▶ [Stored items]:

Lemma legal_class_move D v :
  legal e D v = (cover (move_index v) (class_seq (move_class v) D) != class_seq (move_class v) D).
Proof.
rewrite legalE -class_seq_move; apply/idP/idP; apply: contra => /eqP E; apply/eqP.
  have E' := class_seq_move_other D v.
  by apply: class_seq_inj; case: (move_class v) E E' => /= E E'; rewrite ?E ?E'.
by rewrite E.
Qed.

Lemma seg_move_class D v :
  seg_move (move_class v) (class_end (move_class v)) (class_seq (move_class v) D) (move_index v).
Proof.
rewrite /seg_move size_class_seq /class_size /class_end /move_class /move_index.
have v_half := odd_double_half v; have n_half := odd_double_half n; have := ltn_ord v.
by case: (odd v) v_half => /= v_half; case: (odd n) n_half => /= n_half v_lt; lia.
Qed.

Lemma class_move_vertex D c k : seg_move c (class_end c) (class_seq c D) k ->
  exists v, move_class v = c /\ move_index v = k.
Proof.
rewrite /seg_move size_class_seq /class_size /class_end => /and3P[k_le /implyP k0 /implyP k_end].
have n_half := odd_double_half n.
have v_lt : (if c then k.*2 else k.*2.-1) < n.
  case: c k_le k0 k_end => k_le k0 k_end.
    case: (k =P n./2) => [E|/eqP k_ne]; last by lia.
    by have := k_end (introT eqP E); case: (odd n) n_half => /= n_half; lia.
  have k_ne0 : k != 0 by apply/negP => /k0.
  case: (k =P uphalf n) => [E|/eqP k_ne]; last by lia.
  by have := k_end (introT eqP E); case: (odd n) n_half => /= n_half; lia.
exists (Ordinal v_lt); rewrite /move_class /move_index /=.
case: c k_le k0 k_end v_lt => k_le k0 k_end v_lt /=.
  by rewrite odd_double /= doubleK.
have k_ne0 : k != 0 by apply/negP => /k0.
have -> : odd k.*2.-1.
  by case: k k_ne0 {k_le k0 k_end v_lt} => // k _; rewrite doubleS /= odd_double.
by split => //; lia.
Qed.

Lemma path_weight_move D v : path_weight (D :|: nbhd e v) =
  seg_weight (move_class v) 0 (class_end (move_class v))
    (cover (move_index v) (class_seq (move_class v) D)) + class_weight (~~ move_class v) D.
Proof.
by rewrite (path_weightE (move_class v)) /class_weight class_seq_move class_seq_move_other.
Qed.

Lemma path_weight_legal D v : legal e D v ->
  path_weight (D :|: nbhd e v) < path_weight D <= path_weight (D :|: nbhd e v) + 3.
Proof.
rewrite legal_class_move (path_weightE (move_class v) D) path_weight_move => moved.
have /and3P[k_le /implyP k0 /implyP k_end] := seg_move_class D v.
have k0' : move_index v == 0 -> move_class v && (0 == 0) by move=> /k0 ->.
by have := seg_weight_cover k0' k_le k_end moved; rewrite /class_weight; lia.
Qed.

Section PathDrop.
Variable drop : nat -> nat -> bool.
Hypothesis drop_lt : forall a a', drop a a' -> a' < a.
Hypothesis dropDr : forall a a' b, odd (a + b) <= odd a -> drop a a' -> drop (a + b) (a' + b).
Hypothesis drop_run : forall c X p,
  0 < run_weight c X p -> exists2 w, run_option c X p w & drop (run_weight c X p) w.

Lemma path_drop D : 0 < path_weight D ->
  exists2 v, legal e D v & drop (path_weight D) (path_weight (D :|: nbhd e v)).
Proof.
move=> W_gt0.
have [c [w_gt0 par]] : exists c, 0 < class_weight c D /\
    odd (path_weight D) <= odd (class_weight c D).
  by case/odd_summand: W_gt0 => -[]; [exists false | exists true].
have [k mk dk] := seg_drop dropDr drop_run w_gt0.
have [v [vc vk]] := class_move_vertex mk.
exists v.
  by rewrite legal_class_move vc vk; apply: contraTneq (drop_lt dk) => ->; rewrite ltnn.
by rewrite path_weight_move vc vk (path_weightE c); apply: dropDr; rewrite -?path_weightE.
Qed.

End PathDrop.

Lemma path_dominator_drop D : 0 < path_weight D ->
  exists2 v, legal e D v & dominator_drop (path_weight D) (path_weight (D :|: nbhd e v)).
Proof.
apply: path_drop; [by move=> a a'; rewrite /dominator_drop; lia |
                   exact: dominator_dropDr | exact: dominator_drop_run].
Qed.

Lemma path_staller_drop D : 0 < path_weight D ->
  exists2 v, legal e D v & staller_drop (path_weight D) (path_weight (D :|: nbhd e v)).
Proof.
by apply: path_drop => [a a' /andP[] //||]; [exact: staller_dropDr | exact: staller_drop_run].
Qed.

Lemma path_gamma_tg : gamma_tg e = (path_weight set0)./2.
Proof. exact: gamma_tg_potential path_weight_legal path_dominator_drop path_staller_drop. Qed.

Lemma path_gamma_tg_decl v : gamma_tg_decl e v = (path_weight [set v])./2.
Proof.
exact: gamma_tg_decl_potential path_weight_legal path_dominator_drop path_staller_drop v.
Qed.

▶ [REQUIRED WORK]: Word for word, copy every entry.

▶ [RESPONSE]:
Lemma legal_class_move D v :
  legal e D v = (cover (move_index v) (class_seq (move_class v) D) != class_seq (move_class v) D).
Proof.
rewrite legalE -class_seq_move; apply/idP/idP; apply: contra => /eqP E; apply/eqP.
  have E' := class_seq_move_other D v.
  by apply: class_seq_inj; case: (move_class v) E E' => /= E E'; rewrite ?E ?E'.
by rewrite E.
Qed.

Lemma seg_move_class D v :
  seg_move (move_class v) (class_end (move_class v)) (class_seq (move_class v) D) (move_index v).
Proof.
rewrite /seg_move size_class_seq /class_size /class_end /move_class /move_index.
have v_half := odd_double_half v; have n_half := odd_double_half n; have := ltn_ord v.
by case: (odd v) v_half => /= v_half; case: (odd n) n_half => /= n_half v_lt; lia.
Qed.

Lemma class_move_vertex D c k : seg_move c (class_end c) (class_seq c D) k ->
  exists v, move_class v = c /\ move_index v = k.
Proof.
rewrite /seg_move size_class_seq /class_size /class_end => /and3P[k_le /implyP k0 /implyP k_end].
have n_half := odd_double_half n.
have v_lt : (if c then k.*2 else k.*2.-1) < n.
  case: c k_le k0 k_end => k_le k0 k_end.
    case: (k =P n./2) => [E|/eqP k_ne]; last by lia.
    by have := k_end (introT eqP E); case: (odd n) n_half => /= n_half; lia.
  have k_ne0 : k != 0 by apply/negP => /k0.
  case: (k =P uphalf n) => [E|/eqP k_ne]; last by lia.
  by have := k_end (introT eqP E); case: (odd n) n_half => /= n_half; lia.
exists (Ordinal v_lt); rewrite /move_class /move_index /=.
case: c k_le k0 k_end v_lt => k_le k0 k_end v_lt /=.
  by rewrite odd_double /= doubleK.
have k_ne0 : k != 0 by apply/negP => /k0.
have -> : odd k.*2.-1.
  by case: k k_ne0 {k_le k0 k_end v_lt} => // k _; rewrite doubleS /= odd_double.
by split => //; lia.
Qed.

Lemma path_weight_move D v : path_weight (D :|: nbhd e v) =
  seg_weight (move_class v) 0 (class_end (move_class v))
    (cover (move_index v) (class_seq (move_class v) D)) + class_weight (~~ move_class v) D.
Proof.
by rewrite (path_weightE (move_class v)) /class_weight class_seq_move class_seq_move_other.
Qed.

Lemma path_weight_legal D v : legal e D v ->
  path_weight (D :|: nbhd e v) < path_weight D <= path_weight (D :|: nbhd e v) + 3.
Proof.
rewrite legal_class_move (path_weightE (move_class v) D) path_weight_move => moved.
have /and3P[k_le /implyP k0 /implyP k_end] := seg_move_class D v.
have k0' : move_index v == 0 -> move_class v && (0 == 0) by move=> /k0 ->.
by have := seg_weight_cover k0' k_le k_end moved; rewrite /class_weight; lia.
Qed.

Section PathDrop.
Variable drop : nat -> nat -> bool.
Hypothesis drop_lt : forall a a', drop a a' -> a' < a.
Hypothesis dropDr : forall a a' b, odd (a + b) <= odd a -> drop a a' -> drop (a + b) (a' + b).
Hypothesis drop_run : forall c X p,
  0 < run_weight c X p -> exists2 w, run_option c X p w & drop (run_weight c X p) w.

Lemma path_drop D : 0 < path_weight D ->
  exists2 v, legal e D v & drop (path_weight D) (path_weight (D :|: nbhd e v)).
Proof.
move=> W_gt0.
have [c [w_gt0 par]] : exists c, 0 < class_weight c D /\
    odd (path_weight D) <= odd (class_weight c D).
  by case/odd_summand: W_gt0 => -[]; [exists false | exists true].
have [k mk dk] := seg_drop dropDr drop_run w_gt0.
have [v [vc vk]] := class_move_vertex mk.
exists v.
  by rewrite legal_class_move vc vk; apply: contraTneq (drop_lt dk) => ->; rewrite ltnn.
by rewrite path_weight_move vc vk (path_weightE c); apply: dropDr; rewrite -?path_weightE.
Qed.

End PathDrop.

Lemma path_dominator_drop D : 0 < path_weight D ->
  exists2 v, legal e D v & dominator_drop (path_weight D) (path_weight (D :|: nbhd e v)).
Proof.
apply: path_drop; [by move=> a a'; rewrite /dominator_drop; lia |
                   exact: dominator_dropDr | exact: dominator_drop_run].
Qed.

Lemma path_staller_drop D : 0 < path_weight D ->
  exists2 v, legal e D v & staller_drop (path_weight D) (path_weight (D :|: nbhd e v)).
Proof.
by apply: path_drop => [a a' /andP[] //||]; [exact: staller_dropDr | exact: staller_drop_run].
Qed.

Lemma path_gamma_tg : gamma_tg e = (path_weight set0)./2.
Proof. exact: gamma_tg_potential path_weight_legal path_dominator_drop path_staller_drop. Qed.

Lemma path_gamma_tg_decl v : gamma_tg_decl e v = (path_weight [set v])./2.
Proof.
exact: gamma_tg_decl_potential path_weight_legal path_dominator_drop path_staller_drop v.
Qed.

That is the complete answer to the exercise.